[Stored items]
--
Lemma cond_entropy_determined (Om T S : finType) (valid : pred Om)
    (Z : Om -> T) (Y : Om -> S) :
  (forall w1 w2, valid w1 -> valid w2 -> Y w1 = Y w2 -> Z w1 = Z w2) ->
  cond_entropy rT valid Z Y = 0.
Proof.
move=> YZ; rewrite /cond_entropy big1 // => y _; rewrite big1 // => z _ /=.
case: ifP => // PZY.
suff -> : Pr rT valid (fun w => Y w == y) =
          Pr rT valid (fun w => (Z w == z) && (Y w == y)).
  by rewrite divff ?gt_eqF // /log2 ln1 !mul0r mulr0.
have [w0 valid0 /andP[/eqP Zw0 /eqP Yw0]] := Pr_gt0_witness PZY.
rewrite /Pr; congr (_%:R / _); apply: eq_card => w; rewrite !inE.
case validw: (valid w) => //=; case: (Y w =P y) => [Yw|_]; last by rewrite andbF.
by rewrite andbT (YZ w w0) // ?Zw0 ?eqxx // Yw Yw0.
Qed.

Lemma entropy_equal_fibers (Om T : finType) (valid : pred Om) (Y : Om -> T) :
  (0 < #|[set w | valid w]|)%N ->
  (forall y y', (#|[set w | valid w && (Y w == y)]|
                  <= #|[set w | valid w && (Y w == y')]|)%N) ->
  entropy rT valid Y = log2 (#|T|%:R).
Proof.
move=> support_gt0 fiber_le.
have [w0 _] : exists w0, w0 \in [set w | valid w] by apply/set0Pn; rewrite -card_gt0.
set c := #|[set w | valid w && (Y w == Y w0)]|.
have fiberE y : #|[set w | valid w && (Y w == y)]| = c by apply/eqP; rewrite eqn_leq !fiber_le.
have total : #|[set w | valid w]| = (#|T| * c)%N.
  rewrite (@card_partition _ _ _ Y setT) // (eq_bigr (fun _ => c)) => [|y _]; last by rewrite fiberE.
  by rewrite sum_nat_const cardsT.
have T_gt0 : (0 < #|T|)%N by apply/card_gt0P; exists (Y w0).
have c_gt0 : (0 < c)%N by move: support_gt0; rewrite total muln_gt0 => /andP[].
have T0 : (#|T|%:R : rT) != 0 by rewrite pnatr_eq0 -lt0n.
have PrE y : Pr rT valid (fun w => Y w == y) = (#|T|%:R)^-1.
  by rewrite /Pr fiberE total natrM invfM mulrCA divff ?mulr1 // pnatr_eq0 -lt0n.
rewrite /entropy (eq_bigr (fun _ => - ((#|T|%:R)^-1 * log2 ((#|T|%:R)^-1 : rT)))); last first.
  by move=> y _ /=; rewrite PrE invr_gt0 ltr0n T_gt0.
rewrite sumr_const /log2 lnV ?posrE ?ltr0n // mulNr mulrN opprK -mulrnAl -mulr_natr.
by rewrite mulVf ?mul1r.
Qed.

Lemma Pr_equal_classes (Om J : finType) (valid P : pred Om) (p : Om -> J)
    (Q : {set J}) (c : nat) :
  (forall w, valid w -> P w -> p w \in Q) ->
  (forall j, j \in Q -> #|[set w | valid w && ((p w == j) && P w)]| = c) ->
  0 < Pr rT valid P -> forall j, j \in Q ->
  Pr rT valid (fun w => (p w == j) && P w) / Pr rT valid P = (#|Q|%:R)^-1.
Proof.
move=> PQ classE PrP j jQ.
have total : #|[set w | valid w && P w]| = (#|Q| * c)%N.
  rewrite (@card_partition _ _ _ p Q) => [|w /andP[]]; last exact: PQ.
  rewrite (eq_bigr (fun _ => c)) ?sum_nat_const // => j' j'Q.
  by rewrite -(classE j' j'Q); apply: eq_card => w; rewrite !inE -andbA [P w && _]andbC.
move: PrP; rewrite /Pr total (classE j jQ) natrM => /lt0r_neq0.
rewrite !mulf_eq0 invr_eq0 !negb_or => /andP[/andP[Q0 c0] n0].
move: Q0 c0 n0; move: (#|Q|%:R : rT) (c%:R : rT) (#|[set w | valid w]|%:R : rT) => a b d a0 b0 d0.
by field; rewrite a0 b0 d0.
Qed.

Lemma log2_card_mx_ratio (F : finFieldType) (m n N : nat) :
  (0 < n)%N -> (0 < N)%N ->
  log2 (#|'M[F]_(m, N)|%:R : rT) / log2 (#|'M[F]_(n, N)|%:R) = m%:R / n%:R.
Proof.
move=> n_gt0 N_gt0.
have q_gt1 : 1 < (#|F|%:R : rT) by rewrite ltr1n card_finNzRing_gt1.
have lnq0 : ln (#|F|%:R : rT) != 0 by rewrite gt_eqF // ln_gt0.
have q_gt0 : 0 < (#|F|%:R : rT) by apply: lt_trans q_gt1.
have ln20 : ln (2 : rT) != 0 by rewrite gt_eqF // ln_gt0 // ltr1n.
have n0 : (n%:R : rT) != 0 by rewrite pnatr_eq0 -lt0n.
have N0 : (N%:R : rT) != 0 by rewrite pnatr_eq0 -lt0n.
rewrite !card_mx /log2 !natrX !lnXn // -(mulr_natr _ (m * N)) -(mulr_natr _ (n * N)) !natrM.
move: lnq0 ln20 n0 N0; move: (ln (#|F|%:R : rT)) (ln (2 : rT)) (n%:R : rT) (N%:R : rT) (m%:R : rT).
by move=> a b x y z a0 b0 x0 y0; field; rewrite a0 b0 x0 y0.
Qed.
End FiniteProbability.

Section Protocol.
Variables (F : finFieldType) (K D L N : nat) (M : 'M[F]_(K - D, K)).
Local Notation Om := (sac_space F K D L N).
Local Notation valid := (@sac_valid F K D L N).

(* The support is nonempty: (W, [1 0], 1, 0) is valid for any W of size D. *)
Lemma valid_nonempty : (L <= D)%N -> (D <= K)%N -> (0 < #|[set w : Om | valid w]|)%N.
Proof.
move=> le_LD le_DK.
have : (0 < #|[set W : {set 'I_K} | #|W| == D]|)%N by rewrite card_draws card_ord bin_gt0.
case/card_gt0P => W0; rewrite inE => cardW0; apply/card_gt0P.
exists (W0, pid_mx L, 1%:M, 0); rewrite inE /=.
by rewrite cardW0 rank_pid_mx // eqxx unitmx1.
Qed.

(* If A(w) always has full row rank, w |-> A(w) X is uniform: translating X
   by a preimage of y' - y maps the fiber over y injectively into that over y'. *)
Lemma linear_output_entropy (rT : realType) (m : nat)
    (A : {set 'I_K} -> 'M[F]_(L, D) -> 'M[F]_(L + (K - D)) -> 'M[F]_(m, K)) :
  (L <= D)%N -> (D <= K)%N ->
  (forall w : Om, valid w -> let '(W, V, R, _) := w in row_free (A W V R)) ->
  entropy rT valid (fun w : Om => let '(W, V, R, X) := w in A W V R *m X)
  = log2 (#|'M[F]_(m, N)|%:R).
Proof.
move=> le_LD le_DK freeA; apply: entropy_equal_fibers; first exact: valid_nonempty.
move=> y y'; set d := y' - y.
pose shift (w : Om) : Om := let '(W, V, R, X) := w in (W, V, R, X + pinvmx (A W V R) *m d).
pose unshift (w : Om) : Om := let '(W, V, R, X) := w in (W, V, R, X - pinvmx (A W V R) *m d).
have shiftK : cancel shift unshift by case=> [[[W V] R] X] /=; rewrite addrK.
rewrite -(card_imset _ (can_inj shiftK)); apply: subset_leq_card.
apply/subsetP => w' /imsetP [w]; rewrite inE => /andP[validw Ew] ->.
move: validw Ew (freeA w); case: w => [[[W V] R] X] /= validw /eqP Ew free.
rewrite inE; apply/andP; split; first exact: validw.
by rewrite /= mulmxDr mulmxA mulmxVp ?free // mul1mx Ew /d addrC subrK.
Qed.

Lemma sac_demand_entropy (rT : realType) :
  (L <= D)%N -> (D <= K)%N ->
  entropy rT valid (@sac_demand F K D L N) = log2 (#|'M[F]_(L, N)|%:R).
Proof.
move=> le_LD le_DK; apply: (@linear_output_entropy rT _ (fun W V _ => global_coef W V)) => //.
by case=> [[[W V] R] X] /and3P[/eqP cardW /eqP rankV _]; apply: global_coef_free.
Qed.

Lemma sac_answer_entropy (rT : realType) :
  (L <= D)%N -> (D <= K)%N -> is_MDS M ->
  entropy rT valid (sac_answer M) = log2 (#|'M[F]_(L + (K - D), N)|%:R).
Proof.
move=> le_LD le_DK mds.
apply: (@linear_output_entropy rT _ (fun W V R => R *m aug M W V)) => //.
case=> [[[W V] R] X] /and3P[/eqP cardW /eqP rankV unitR].
by rewrite /row_free (eqmxMfull _ (_ : row_full R)) ?row_full_unit //; apply: aug_free.
Qed.

(* Recoverability: the answer and the query determine the demand, since
   R^-1 Y = [U X; M X]. *)
Lemma sac_recoverable (rT : realType) :
  cond_entropy rT valid (@sac_demand F K D L N)
    (fun w => (sac_answer M w, sac_query M w, sac_W w, sac_V w)) = 0.
Proof.
apply: cond_entropy_determined.
case=> [[[W1 V1] R1] X1] [[[W2 V2] R2] X2] /= /and3P[_ _ unitR1] _ [eqY eqG <- <-].
have undo (X : 'M[F]_(K, N)) : aug M W1 V1 *m X = invmx R1 *m (R1 *m aug M W1 V1 *m X).
  by rewrite -mulmxA mulKmx.
have : aug M W1 V1 *m X1 = aug M W1 V1 *m X2 by rewrite undo [in LHS]eqY -eqG -undo.
by rewrite !mul_col_mx => /(congr1 usubmx); rewrite !col_mxKu.
Qed.
End Protocol.

Section Privacy.
Variables (F : finFieldType) (K D L N : nat) (M : 'M[F]_(K - D, K)).
Hypotheses (mds : is_MDS M) (le_DK : (D <= K)%N).
Local Notation Om := (sac_space F K D L N).
Local Notation valid := (@sac_valid F K D L N).

Definition query_fiber (G : 'M[F]_(L + (K - D), K)) (W : {set 'I_K}) : {set Om} :=
  [set w | valid w && ((sac_W w == W) && (sac_query M w == G))].

Lemma query_support_witness (w1 : Om) (W : {set 'I_K}) :
  valid w1 -> #|W| = D ->
  exists2 Vb : 'M[F]_(L, D), \rank Vb = L & (sac_query M w1 :=: aug M W Vb)%MS.
Proof.
case: w1 => [[[W1 V1] R1] X1] /and3P[/eqP cardW1 /eqP rankV1 unitR1] cardW.
rewrite /= -/(aug M W1 V1).
have G_aug1 : (R1 *m aug M W1 V1 :=: aug M W1 V1)%MS by apply/eqmxMfull; rewrite row_full_unit.
have sMG : (M <= R1 *m aug M W1 V1)%MS by rewrite G_aug1; case: (blocks_sub_aug M W1 V1).
have rankG : \rank (R1 *m aug M W1 V1) = (L + (K - D))%N.
  by rewrite G_aug1; apply/eqP/aug_free.
have [Vb rankVb sUG] := coef_in_span le_DK sMG rankG cardW.
by exists Vb => //; apply: aug_span.
Qed.

Section Fiber.
Variables (G : 'M[F]_(L + (K - D), K)) (W : {set 'I_K}) (Vb : 'M[F]_(L, D)).
Hypotheses (cardW : #|W| = D) (rankVb : \rank Vb = L) (G_aug : (G :=: aug M W Vb)%MS).

Lemma fiber_change_of_basis (V : 'M[F]_(L, D)) : \rank V = L -> (V <= Vb)%MS ->
  G *m pinvmx (aug M W V) \in unitmx /\ G *m pinvmx (aug M W V) *m aug M W V = G.
Proof.
move=> rankV sVVb; apply: change_of_basis (aug_free mds cardW rankV) _.
have [sUaug sMaug] := blocks_sub_aug M W Vb.
rewrite G_aug {1}/aug col_mx_sub sMaug andbT (submx_trans _ sUaug) // !global_coefE.
exact: submxMr.
Qed.

(* The fiber is parametrized by GL_L(F) x F^(K x N): V = A Vb, R is then
   determined, and X is free. *)
Definition fiber_point (AX : 'M[F]_L * 'M[F]_(K, N)) : Om :=
  let V := AX.1 *m Vb in (W, V, G *m pinvmx (aug M W V), AX.2).

Lemma fiber_point_in (AX : 'M[F]_L * 'M[F]_(K, N)) :
  AX.1 \in unitmx -> fiber_point AX \in query_fiber G W.
Proof.
case: AX => A X /= unitA.
have rankV : \rank (A *m Vb) = L by rewrite mxrankMfree ?mxrank_unit // /row_free rankVb.
have [unitR eqR] := fiber_change_of_basis rankV (submxMl _ _).
by rewrite inE /= cardW rankV unitR !eqxx /=; apply/eqP.
Qed.

Lemma fiber_point_onto (w : Om) :
  w \in query_fiber G W -> exists2 AX, AX.1 \in unitmx & w = fiber_point AX.
Proof.
case: w => [[[W' V] R] X]; rewrite inE => /andP[/and3P[_ /eqP rankV unitR]].
move=> /andP[/eqP /= eqW /eqP eqG]; subst W'; rewrite /= -/(aug M W V) in eqG.
have sVVb : (V <= Vb)%MS.
  apply: (coef_sub_support mds cardW); rewrite -G_aug -eqG.
  by rewrite (eqmxMfull _ (_ : row_full R)) ?row_full_unit //; case: (blocks_sub_aug M W V).
have [unitR' eqR'] := fiber_change_of_basis rankV sVVb.
exists (V *m pinvmx Vb, X); rewrite /fiber_point /= ?mulmxKpV //.
  by rewrite -row_free_unit /row_free eqn_leq rank_leq_row -{1}rankV -{1}(mulmxKpV sVVb) mxrankM_maxl.
by congr (_, _, _, _); apply: (row_free_inj (aug_free mds cardW rankV)); rewrite eqR' eqG.
Qed.

(* A is recovered from A Vb since Vb has full row rank. *)
Lemma fiber_point_inj : injective fiber_point.
Proof.
have freeVb : row_free Vb by rewrite /row_free rankVb.
by case=> [A X] [A' X'] [/(row_free_inj freeVb) -> _ ->].
Qed.

(* Hence the fiber size does not depend on the support W. *)
Lemma query_fiber_card :
  #|query_fiber G W| = (#|[set A : 'M[F]_L | A \in unitmx]| * #|'M[F]_(K, N)|)%N.
Proof.
have -> : query_fiber G W = fiber_point @: setX [set A | A \in unitmx] setT.
  apply/setP => w; apply/idP/imsetP => [/fiber_point_onto[AX unitA ->] | [[A X]]].
    by exists AX => //; rewrite !inE unitA.
  by case/setXP; rewrite inE => unitA _ ->; apply: fiber_point_in.
by rewrite card_imset ?cardsX ?cardsT //; apply: fiber_point_inj.
Qed.
End Fiber.

Lemma sac_private (rT : realType) (G : 'M[F]_(L + (K - D), K)) :
  0 < Pr rT valid (fun w => sac_query M w == G) ->
  forall Wt : {set 'I_K}, #|Wt| = D ->
  Pr rT valid (fun w => (sac_W w == Wt) && (sac_query M w == G))
    / Pr rT valid (fun w => sac_query M w == G) = ('C(K, D)%:R)^-1.
Proof.
move=> PrG Wt cardWt.
have [w1 valid1 /eqP qG] := Pr_gt0_witness PrG.
have <- : #|[set W : {set 'I_K} | #|W| == D]| = 'C(K, D) by rewrite card_draws card_ord.
apply: (@Pr_equal_classes rT _ _ _ _ _ _
  (#|[set A : 'M[F]_L | A \in unitmx]| * #|'M[F]_(K, N)|)) => //; last by rewrite inE cardWt.
  by case=> [[[W V] R] X] /and3P[cardW _ _] _; rewrite inE.
move=> W; rewrite inE => /eqP cardW.
have [Vb rankVb G_aug] := query_support_witness valid1 cardW.
by rewrite qG in G_aug; apply: query_fiber_card G_aug.
Qed.
End Privacy.

Theorem lemma6 (rT : realType) (F : finFieldType) (K D L N : nat)
  (M : 'M[F]_(K - D, K)) :
  (1 <= N)%N -> (1 <= L)%N -> (L <= D)%N -> (D <= K)%N ->
  (K <= #|F|)%N -> is_MDS M ->
  let valid := @sac_valid F K D L N in
  (* recoverability: H(Z | A, Q, W, V) = 0 *)
  [/\ cond_entropy rT valid (@sac_demand F K D L N)
        (fun w => (sac_answer M w, sac_query M w, sac_W w, sac_V w)) = 0,
  (* joint privacy *)
      (forall (G0 : 'M[F]_(L + (K - D), K)),
          0 < Pr rT valid (fun w => sac_query M w == G0) ->
          forall Wt : {set 'I_K}, #|Wt| = D ->
            Pr rT valid (fun w => (sac_W w == Wt) && (sac_query M w == G0))
              / Pr rT valid (fun w => sac_query M w == G0)
            = ('C(K, D)%:R)^-1)
    & (* rate H(Z)/H(A) = L / (K - D + L) *)
      entropy rT valid (@sac_demand F K D L N)
        / entropy rT valid (sac_answer M) = L%:R / (K - D + L)%:R].
Proof.
move=> N_gt0 L_gt0 le_LD le_DK _ mds valid; split.
- exact: sac_recoverable.
- exact: (sac_private mds le_DK).
- rewrite sac_demand_entropy // sac_answer_entropy // log2_card_mx_ratio ?addn_gt0 ?L_gt0 //.
  by rewrite addnC.
Qed.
--
▶ [Assignment] What you give back should be exactly the lines of the data above from the line with "(Z : Om -> T) (Y" through the line with "have [w0 valid0", both of those included, and nothing more.

▶ [Written response]
    (Z : Om -> T) (Y : Om -> S) :
  (forall w1 w2, valid w1 -> valid w2 -> Y w1 = Y w2 -> Z w1 = Z w2) ->
  cond_entropy rT valid Z Y = 0.
Proof.
move=> YZ; rewrite /cond_entropy big1 // => y _; rewrite big1 // => z _ /=.
case: ifP => // PZY.
suff -> : Pr rT valid (fun w => Y w == y) =
          Pr rT valid (fun w => (Z w == z) && (Y w == y)).
  by rewrite divff ?gt_eqF // /log2 ln1 !mul0r mulr0.
have [w0 valid0 /andP[/eqP Zw0 /eqP Yw0]] := Pr_gt0_witness PZY.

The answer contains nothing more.